La scuola della Repubblica di fronte alle occupazioni studentesche: fine della ricreazione?

 

In questi ultimi anni uomini politici, mezzi di informazione, non pochi docenti e genitori in vena di nostalgie movimentiste per interposta persona, moltissimi dirigenti scolastici e perfino qualche magistrato e qualche questore hanno fatto a gara nel sottrarsi alle loro rispettive responsabilità: rispetto delle leggi e del lavoro degli insegnanti, tutela della serietà della scuola pubblica e del diritto allo studio, chiarezza di giudizio in merito a forme di lotta  adagiate sul facile consenso per un po’ di vacanza straordinaria e per questo diseducative e  squalificate in partenza. 

Pochi hanno provato a dire con fermezza agli studenti che all’impegno politico, culturale e sociale ci si forma in modo credibile non a spese dello studio, ma sacrificando un po’ del tempo libero. Eppure le scuole potrebbero costituire il luogo ideale, magari con qualche assistenza e suggerimento dei docenti, per la nascita di Associazioni studentesche e di spazi di dibattito e di formazione – pomeridiani – meno effimeri di quelli organizzati durante le cosiddette autogestioni.  

Vale quindi la pena, prima che torni l’autunno, di riflettere sul fenomeno e su come la Gilda potrebbe, di fronte a questo fenomeno, andare oltre l’ovvia manifestazione del dissenso e della preoccupazione, anche, perché no, chiarendosi le idee sui diversi profili giuridici connessi a queste situazioni.

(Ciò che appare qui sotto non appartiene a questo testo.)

Lemma mabs_eq0 x : mabs x = 0%N -> x = mzero.
Proof.
move=> h; apply/fsfunP => j; rewrite mzeroE.
have [jx|jx] := boolP (j \in finsupp x); last by rewrite fsfun_dflt.
by move: h; rewrite /mabs (bigD1_seq j) //= => /eqP; rewrite addn_eq0 => /andP[/eqP].
Qed.

Lemma mabs_lt m nu : mle m nu -> m != nu -> (mabs m < mabs nu)%N.
Proof.
move=> h ne; rewrite -(mabs_msub h) -{1}[mabs m]addn0 ltn_add2l lt0n.
apply: contra ne => /eqP/mabs_eq0 h0; apply/eqP/fsfunP => j.
move/fsfunP: h0 => /(_ j); rewrite msubE mzeroE => /eqP; rewrite subn_eq0 => h1.
by apply/eqP; rewrite eqn_leq h1 andbT; move/mleP: h.
Qed.

Lemma mlt_ind (P : mi -> Prop) :
  (forall nu, (forall m, mle m nu -> m != nu -> P m) -> P nu) -> forall nu, P nu.
Proof.
move=> step nu; elim/ltn_ind: {nu}(mabs nu) {-2}nu (erefl (mabs nu)) => n IH nu en.
apply: step => m hm ne; apply: (IH (mabs m)) => //.
by rewrite -en; exact: mabs_lt.
Qed.

Lemma mfact_msub w v :
  mle w v -> (mfact w * mfact (msub v w) * mbinom v w)%N = mfact v.
Proof.
move=> h; have sw := mle_finsupp h; have ss := msub_finsupp v w.
have sv := fsubset_refl (finsupp v).
rewrite (mfactE sw) (mfactE ss) (mfactE sv) (mbinomE sv sw) -!big_split /=.
by apply: eq_bigr => j _; rewrite msubE mulnC bin_fact //; move/mleP: h.
Qed.

Lemma mpow_msub (R : comNzRingType) (beta : nat -> R) w v : mle w v ->
  mpow beta w * mpow beta (msub v w) = mpow beta v.
Proof.
move=> h; have sw := mle_finsupp h; have ss := msub_finsupp v w.
have sv := fsubset_refl (finsupp v).
rewrite (mpowE _ sw) (mpowE _ ss) (mpowE _ sv) -big_split /=.
by apply: eq_bigr => j _; rewrite msubE -exprD subnKC //; move/mleP: h.
Qed.

Lemma mstir_eq0 (R : numFieldType) a b : ~~ mle b a -> mstir (R := R) a b = 0.
Proof.
case/allPn => j jb /=; rewrite -ltnNge => lt.
rewrite /mstir (bigD1_seq j) ?fset_uniq //=; last by rewrite in_fsetU jb orbT.
by rewrite stirling2_small // mul0r.
Qed.

Definition upd (m : mi) (j k : nat) : mi := [fsfun m with j |-> k].

Lemma updE m j k i : upd m j k i = if i == j then k else m i.
Proof. exact: fsfun_withE. Qed.

Lemma box_split_bij nu j :
  set_bij ([set m | mle m (upd nu j 0)] `*` `I_(nu j).+1) [set m | mle m nu]
          (fun p : mi * nat => upd p.1 j p.2).
Proof.
split.
- move=> [m k] /= [/mleP hm hk]; apply/mleP => i; rewrite updE.
  by case: eqP => [->//|/eqP ij]; move: (hm i); rewrite updE (negPf ij).
- move=> [m1 k1] [m2 k2]; rewrite !inE /= => -[/mleP h1 _] [/mleP h2 _] e.
  have -> : k1 = k2 by move/fsfunP: e => /(_ j); rewrite !updE eqxx.
  congr (_, _); apply/fsfunP => i; case: (eqVneq i j) => [->|ij].
    by move: (h1 j) (h2 j); rewrite !updE eqxx !leqn0 => /eqP -> /eqP ->.
  by move/fsfunP: e => /(_ i); rewrite !updE (negPf ij).
- move=> m /= /mleP hm; exists (upd m j 0, m j) => /=.
    split; last by rewrite /= ltnS hm.
    by apply/mleP => i; rewrite !updE; case: eqP.
  by apply/fsfunP => i; rewrite !updE; case: eqP => // ->.
Qed.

Il tema è fra l’altro connesso con quello della crisi dei ruoli educativi, su cui stiamo pubblicando un’antologia di testi su questo stesso sito (La riscoperta dell’autorità).

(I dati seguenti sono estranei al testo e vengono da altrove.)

Lemma card_diffset_ge A : A != set0 ->
  #|stab (diffset A A)| * (2 * ceil_div #|A| #|stab (diffset A A)| - 1) <= #|diffset A A|.
Proof.
move=> nA; set C := diffset A A; set H := stab C.
have H0 : 0%R \in H := stab0 C.
set X := sumset A H; set Y := sumset [set (- a)%R | a in A] H.
have XY : sumset X Y = C.
  apply/eqP; rewrite eqEsubset; apply/andP; split; apply/subsetP.
    move=> _ /imset2P[_ _ /imset2P[a h aA hH ->] /imset2P[_ h' /imsetP[a' a'A ->] h'H ->] ->].
    by rewrite addrACA; apply/(stabP _ _ (stabD hH h'H)); apply: imset2_f.
  move=> _ /imset2P[a a' aA a'A ->]; rewrite -[a]addr0 -[(- a')%R]addr0.
  by apply: imset2_f; apply: imset2_f; rewrite ?imset_f.
have nX : X != set0 by rewrite sumset_neq0 //; apply/set0Pn; exists 0%R.
have nY : Y != set0.
  rewrite sumset_neq0 //; last by apply/set0Pn; exists 0%R.
  by case/set0Pn: nA => a aA; apply/set0Pn; exists (- a)%R; apply: imset_f.
have H_gt0 : 0 < #|H| by apply/card_gt0P; exists 0%R.
have HX : H \subset stab X := subset_trans (stab_stab C) (stab_sumsetr A H).
have HY : H \subset stab Y := subset_trans (stab_stab C) (stab_sumsetr _ H).
have cardX := ceil_div_mul_leq H_gt0 (dvdn_stab HX) (leq_card_sumsetl A H0).
have cardY := ceil_div_mul_leq H_gt0 (dvdn_stab HY) (leq_card_sumsetl _ H0).
rewrite card_imset in cardY; last exact: oppr_inj.
have := kneser nX nY; rewrite XY /kneser_weight -/H.
rewrite mulnBr muln1 mulnCA [#|H| * _]mulnC => K.
by have := leq_trans (leq_add cardX cardY) K; move: (_ * #|H|) => p; lia.
Qed.

End Kneser.

Section CyclicUpperBound.
Variables (G : finZmodType) (g : G) (d m : nat).
Hypothesis g_order : forall a b, (g *+ a == g *+ b)%R = (a == b %[mod d * m]).

Definition block k := sumset (progression (g *+ m)%R d) (progression g k).

Lemma card_block_ge k : 0 < k <= m -> d * k <= #|block k|.
Proof.
case/andP=> k_gt0 km; have m_gt0 : 0 < m := leq_trans k_gt0 km.
pose f (p : 'I_d * 'I_k) := (g *+ (p.1 * m + p.2))%R.
have f_inj : injective f.
  have lt_dm (q : 'I_d) (i : 'I_k) : q * m + i < d * m.
    by have := ltn_ord q; have := ltn_ord i; nia.
  move=> [q i] [q' i'] /eqP; rewrite g_order /= !modn_small // => /eqP eq_qi.
  have [im i'm] : i < m /\ i' < m by split; apply: leq_trans km.
  have := congr1 (modn^~ m) eq_qi; have := congr1 (divn^~ m) eq_qi.
  rewrite /= !modnMDl !divnMDl // !divn_small // !modn_small // !addn0.
  by move=> /val_inj -> /val_inj ->.
have -> : d * k = #|[set: 'I_d * 'I_k]| by rewrite cardsT card_prod !card_ord.
rewrite -(card_imset _ f_inj); apply/subset_leq_card/subsetP => _ /imsetP[[q i] _ ->].
by rewrite /f mulrnDr mulnC mulrnA; apply: imset2_f; apply: imset_f.
Qed.

Lemma card_diffset_block_le k : #|diffset (block k) (block k)| <= d * (2 * k - 1).
Proof.
have Pd0 : ((g *+ m) *+ d = 0)%R.
  by rewrite -mulrnA -(mulr0n g); apply/eqP; rewrite g_order mulnC modnn mod0n.
apply: leq_trans (subset_leq_card (diffset_sumset _ _)) _.
apply: leq_trans (card_sumset_le _ _) _; apply: leq_mul.
  apply: leq_trans (card_progression_le (g *+ m)%R d); apply: subset_leq_card.
  exact: diffset_progression_cyclic.
apply: leq_trans (subset_leq_card (diffset_progression g k)) _.
by apply: leq_trans (card_sumset_le _ _) _; rewrite cards1 muln1 card_progression_le.
Qed.

End CyclicUpperBound.

Lemma Zp1_mulrn_eq n a b :
  ((inZp 1 : 'I_n.+1) *+ a == inZp 1 *+ b)%R = (a == b %[mod n.+1]).
Proof. by rewrite !Zp_mulrn -val_eqE /= !modnMml !mul1n. Qed.

Lemma rho_minus_Zp_le n r d : 0 < r <= n.+1 -> d %| n.+1 ->
  rho_minus [the finZmodType of 'I_n.+1] r <= d * (2 * ceil_div r d - 1).
Proof.
case/andP=> r_gt0 rN dN; have d_gt0 := dvdn_gt0 (ltn0Sn n) dN.
set k := ceil_div r d; set m := n.+1 %/ d.
have dm : d * m = n.+1 by rewrite mulnC divnK.
have k_gt0 : 0 < k by rewrite lt0n -leqn0 /k leq_ceil_divLR // mul0n -ltnNge.
have km : k <= m by rewrite /k leq_ceil_divLR // mulnC dm.
have g_order a b := Zp1_mulrn_eq n a b; rewrite -dm in g_order.
set S := block (inZp 1 : 'I_n.+1) d m k.
have : 0 < 'C(#|S|, r).
  rewrite bin_gt0 (leq_trans _ (card_block_ge g_order (introT andP (conj k_gt0 km)))) //.
  by rewrite mulnC -leq_ceil_divLR.
rewrite -cards_draws => /card_gt0P[A]; rewrite inE => /andP[AS cardA].
rewrite /rho_minus -minEnat -leEnat; apply: bigmin_inf cardA _; rewrite leEnat.
exact: leq_trans (subset_leq_card (diffsetS AS)) (card_diffset_block_le g_order k).
Qed.

Theorem mainTheorem2 (N : nat) (r : nat) :
  0 < N -> 1 <= r <= N ->
  rho_minus [the finZmodType of 'I_N.-1.+1] r =
  \big[minn/N]_(d <- divisors N) (d * (2 * ceil_div r d - 1)).
Proof.
case: N => // n _ rN /=; apply/eqP; rewrite eqn_leq /rho_minus -minEnat -!leEnat.
apply/andP; split.
  rewrite big_seq; apply: le_bigmin => [|d]; first by rewrite -[n.+1]card_ord bigmin_le_id.
  by rewrite -dvdn_divisors // => /(rho_minus_Zp_le rN).
apply: le_bigmin => [|A /eqP cardA]; first by rewrite card_ord bigmin_le_id.
have nA : A != set0 by rewrite -card_gt0 cardA; case/andP: rN.
have := card_diffset_ge nA; rewrite cardA => bound.
apply: (@bigmin_inf_seq _ _ _ _ _ #|stab (diffset A A)|) => //.
by rewrite -dvdn_divisors // -[n.+1]card_ord dvdn_stab_card.
Qed.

Per sollecitare la riflessione e il dibattito pubblichiamo, traendolo da “Tuttoscuola” di febbraio, un fermo intervento di Luciano Corradini, presidente dell’Uciim (Unione Cattolica Italiana degli Insegnanti Medi) e già sottosegretario alla Pubblica Istruzione. Riproponiamo inoltre un documento (già pubblicato a dicembre sul sito Gilda del Triveneto), firmato da trenta docenti del Liceo Fermi di Padova.

 (a cura di Giorgio Ragazzini)

OCCUPAZIONI: ORA BASTA

di  Luciano Corradini

Se intervengo sull’argomento delle occupazioni/autogestioni è perché ho l’impressione che l’opinione pubblica e soprattutto le figure responsabili della società civile e politica, prese da altre difficoltà e da altre emergenze, si siano rassegnate ad alzare le mani di fronte a queste manifestazioni, che appaiono come fastidiose influenze stagionali, che non richiedono neppure gli antibiotici, perché passano da sole. Non sono d’accordo con queste diagnosi minimaliste. Intanto comincerei a chiamare le cose col loro nome. Si tratta di atti illegittimi di interruzione di pubblico servizio. Questo linguaggio giuridico non è stato ben compreso neanche da uomini di legge e da tutori dell’ordine, che talora si accontentano che la segreteria sia accessibile dall’esterno e che gli occupanti siano studenti, per dire che tutto va bene, o quasi.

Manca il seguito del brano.